Fixpoint eval (e : exp) : option V :=
  match e with
  | EVal v => Some v
  | EVar _ => None
  | EOp1 f e1 => match eval e1 with Some v => Some (f v) | None => None end
  | EOp2 f e1 e2 =>
      match eval e1, eval e2 with
      | Some v1, Some v2 => Some (f v1 v2)
      | _, _ => None
      end
  end.

Inductive bexp : Type :=
| BEq : exp -> exp -> bexp
| BExp : chan -> bexp.

Inductive proc : Type :=
| PSnd : chan -> exp -> proc -> proc
| PRcv : chan -> dvar -> proc -> proc -> proc     (* |_ ?c(x).P _| Q *)
| PSig : proc -> proc
| PTau : proc -> proc
| PSum : proc -> proc -> proc
| PIf  : bexp -> proc -> proc -> proc
| PVar : pvar -> proc
| PNil : proc
| PFix : pvar -> proc -> proc.

Inductive sys : Type :=
| SProc : proc -> sys
| SAct  : chan -> dvar -> proc -> sys             (* active receiver |_ ?c(x).P _| *)
| SPar  : sys -> sys -> sys
| SNu   : nat -> V -> sys -> sys.                 (* nu c:(n,v).W, c = index 0 in W *)

Fixpoint sigN (n : nat) (P : proc) : proc :=
  match n with 0 => P | S m => PSig (sigN m P) end.

Fixpoint substE (w : V) (x : dvar) (e : exp) : exp :=
  match e with
  | EVal v => EVal v
  | EVar y => if Nat.eqb y x then EVal w else EVar y
  | EOp1 f e1 => EOp1 f (substE w x e1)
  | EOp2 f e1 e2 => EOp2 f (substE w x e1) (substE w x e2)
  end.

Definition substB (w : V) (x : dvar) (b : bexp) : bexp :=
  match b with
  | BEq e1 e2 => BEq (substE w x e1) (substE w x e2)
  | BExp c => BExp c
  end.

Fixpoint substP (w : V) (x : dvar) (P : proc) : proc :=
  match P with
  | PSnd c e P1 => PSnd c (substE w x e) (substP w x P1)
  | PRcv c y P1 Q1 =>
      PRcv c y (if Nat.eqb y x then P1 else substP w x P1) (substP w x Q1)
  | PSig P1 => PSig (substP w x P1)
  | PTau P1 => PTau (substP w x P1)
  | PSum P1 Q1 => PSum (substP w x P1) (substP w x Q1)
  | PIf b P1 Q1 => PIf (substB w x b) (substP w x P1) (substP w x Q1)
  | PVar X => PVar X
  | PNil => PNil
  | PFix X P1 => PFix X (substP w x P1)
  end.

Fixpoint substX (R : proc) (X : pvar) (P : proc) : proc :=
  match P with
  | PSnd c e P1 => PSnd c e (substX R X P1)
  | PRcv c y P1 Q1 => PRcv c y (substX R X P1) (substX R X Q1)
  | PSig P1 => PSig (substX R X P1)
  | PTau P1 => PTau (substX R X P1)
  | PSum P1 Q1 => PSum (substX R X P1) (substX R X Q1)
  | PIf b P1 Q1 => PIf b (substX R X P1) (substX R X Q1)
  | PVar Y => if Nat.eqb Y X then R else PVar Y
  | PNil => PNil
  | PFix Y P1 => if Nat.eqb Y X then PFix Y P1 else PFix Y (substX R X P1)
  end.

Fixpoint closedE (ds : list dvar) (e : exp) : Prop :=
  match e with
  | EVal _ => True
  | EVar x => In x ds
  | EOp1 _ e1 => closedE ds e1
  | EOp2 _ e1 e2 => closedE ds e1 /\ closedE ds e2
  end.

Definition closedB (ds : list dvar) (b : bexp) : Prop :=
  match b with
  | BEq e1 e2 => closedE ds e1 /\ closedE ds e2
  | BExp _ => True
  end.

Fixpoint closedP (ds : list dvar) (Xs : list pvar) (P : proc) : Prop :=
  match P with
  | PSnd _ e P1 => closedE ds e /\ closedP ds Xs P1
  | PRcv _ x P1 Q1 => closedP (x :: ds) Xs P1 /\ closedP ds Xs Q1
  | PSig P1 => closedP ds Xs P1
  | PTau P1 => closedP ds Xs P1
  | PSum P1 Q1 => closedP ds Xs P1 /\ closedP ds Xs Q1
  | PIf b P1 Q1 => closedB ds b /\ closedP ds Xs P1 /\ closedP ds Xs Q1
  | PVar X => In X Xs
  | PNil => True
  | PFix X P1 => closedP ds (X :: Xs) P1
  end.

Definition closed_proc (P : proc) : Prop := closedP [] [] P.

Fixpoint closed_sys (W : sys) : Prop :=
  match W with
  | SProc P => closedP [] [] P
  | SAct _ x P => closedP [x] [] P
  | SPar W1 W2 => closed_sys W1 /\ closed_sys W2
  | SNu _ _ W1 => closed_sys W1
  end.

☆ ☆ ☆ ☆ ☆

**TO DO**.
Starting at the line with "PTau (substP w x P1)", print each remaining line of the listing above exactly as it appears.

**TASK ANSWER**.
  | PTau P1 => PTau (substP w x P1)
  | PSum P1 Q1 => PSum (substP w x P1) (substP w x Q1)
  | PIf b P1 Q1 => PIf (substB w x b) (substP w x P1) (substP w x Q1)
  | PVar X => PVar X
  | PNil => PNil
  | PFix X P1 => PFix X (substP w x P1)
  end.

Fixpoint substX (R : proc) (X : pvar) (P : proc) : proc :=
  match P with
  | PSnd c e P1 => PSnd c e (substX R X P1)
  | PRcv c y P1 Q1 => PRcv c y (substX R X P1) (substX R X Q1)
  | PSig P1 => PSig (substX R X P1)
  | PTau P1 => PTau (substX R X P1)
  | PSum P1 Q1 => PSum (substX R X P1) (substX R X Q1)
  | PIf b P1 Q1 => PIf b (substX R X P1) (substX R X Q1)
  | PVar Y => if Nat.eqb Y X then R else PVar Y
  | PNil => PNil
  | PFix Y P1 => if Nat.eqb Y X then PFix Y P1 else PFix Y (substX R X P1)
  end.

Fixpoint closedE (ds : list dvar) (e : exp) : Prop :=
  match e with
  | EVal _ => True
  | EVar x => In x ds
  | EOp1 _ e1 => closedE ds e1
  | EOp2 _ e1 e2 => closedE ds e1 /\ closedE ds e2
  end.

Definition closedB (ds : list dvar) (b : bexp) : Prop :=
  match b with
  | BEq e1 e2 => closedE ds e1 /\ closedE ds e2
  | BExp _ => True
  end.

Fixpoint closedP (ds : list dvar) (Xs : list pvar) (P : proc) : Prop :=
  match P with
  | PSnd _ e P1 => closedE ds e /\ closedP ds Xs P1
  | PRcv _ x P1 Q1 => closedP (x :: ds) Xs P1 /\ closedP ds Xs Q1
  | PSig P1 => closedP ds Xs P1
  | PTau P1 => closedP ds Xs P1
  | PSum P1 Q1 => closedP ds Xs P1 /\ closedP ds Xs Q1
  | PIf b P1 Q1 => closedB ds b /\ closedP ds Xs P1 /\ closedP ds Xs Q1
  | PVar X => In X Xs
  | PNil => True
  | PFix X P1 => closedP ds (X :: Xs) P1
  end.

Definition closed_proc (P : proc) : Prop := closedP [] [] P.

Fixpoint closed_sys (W : sys) : Prop :=
  match W with
  | SProc P => closedP [] [] P
  | SAct _ x P => closedP [x] [] P
  | SPar W1 W2 => closed_sys W1 /\ closed_sys W2
  | SNu _ _ W1 => closed_sys W1
  end.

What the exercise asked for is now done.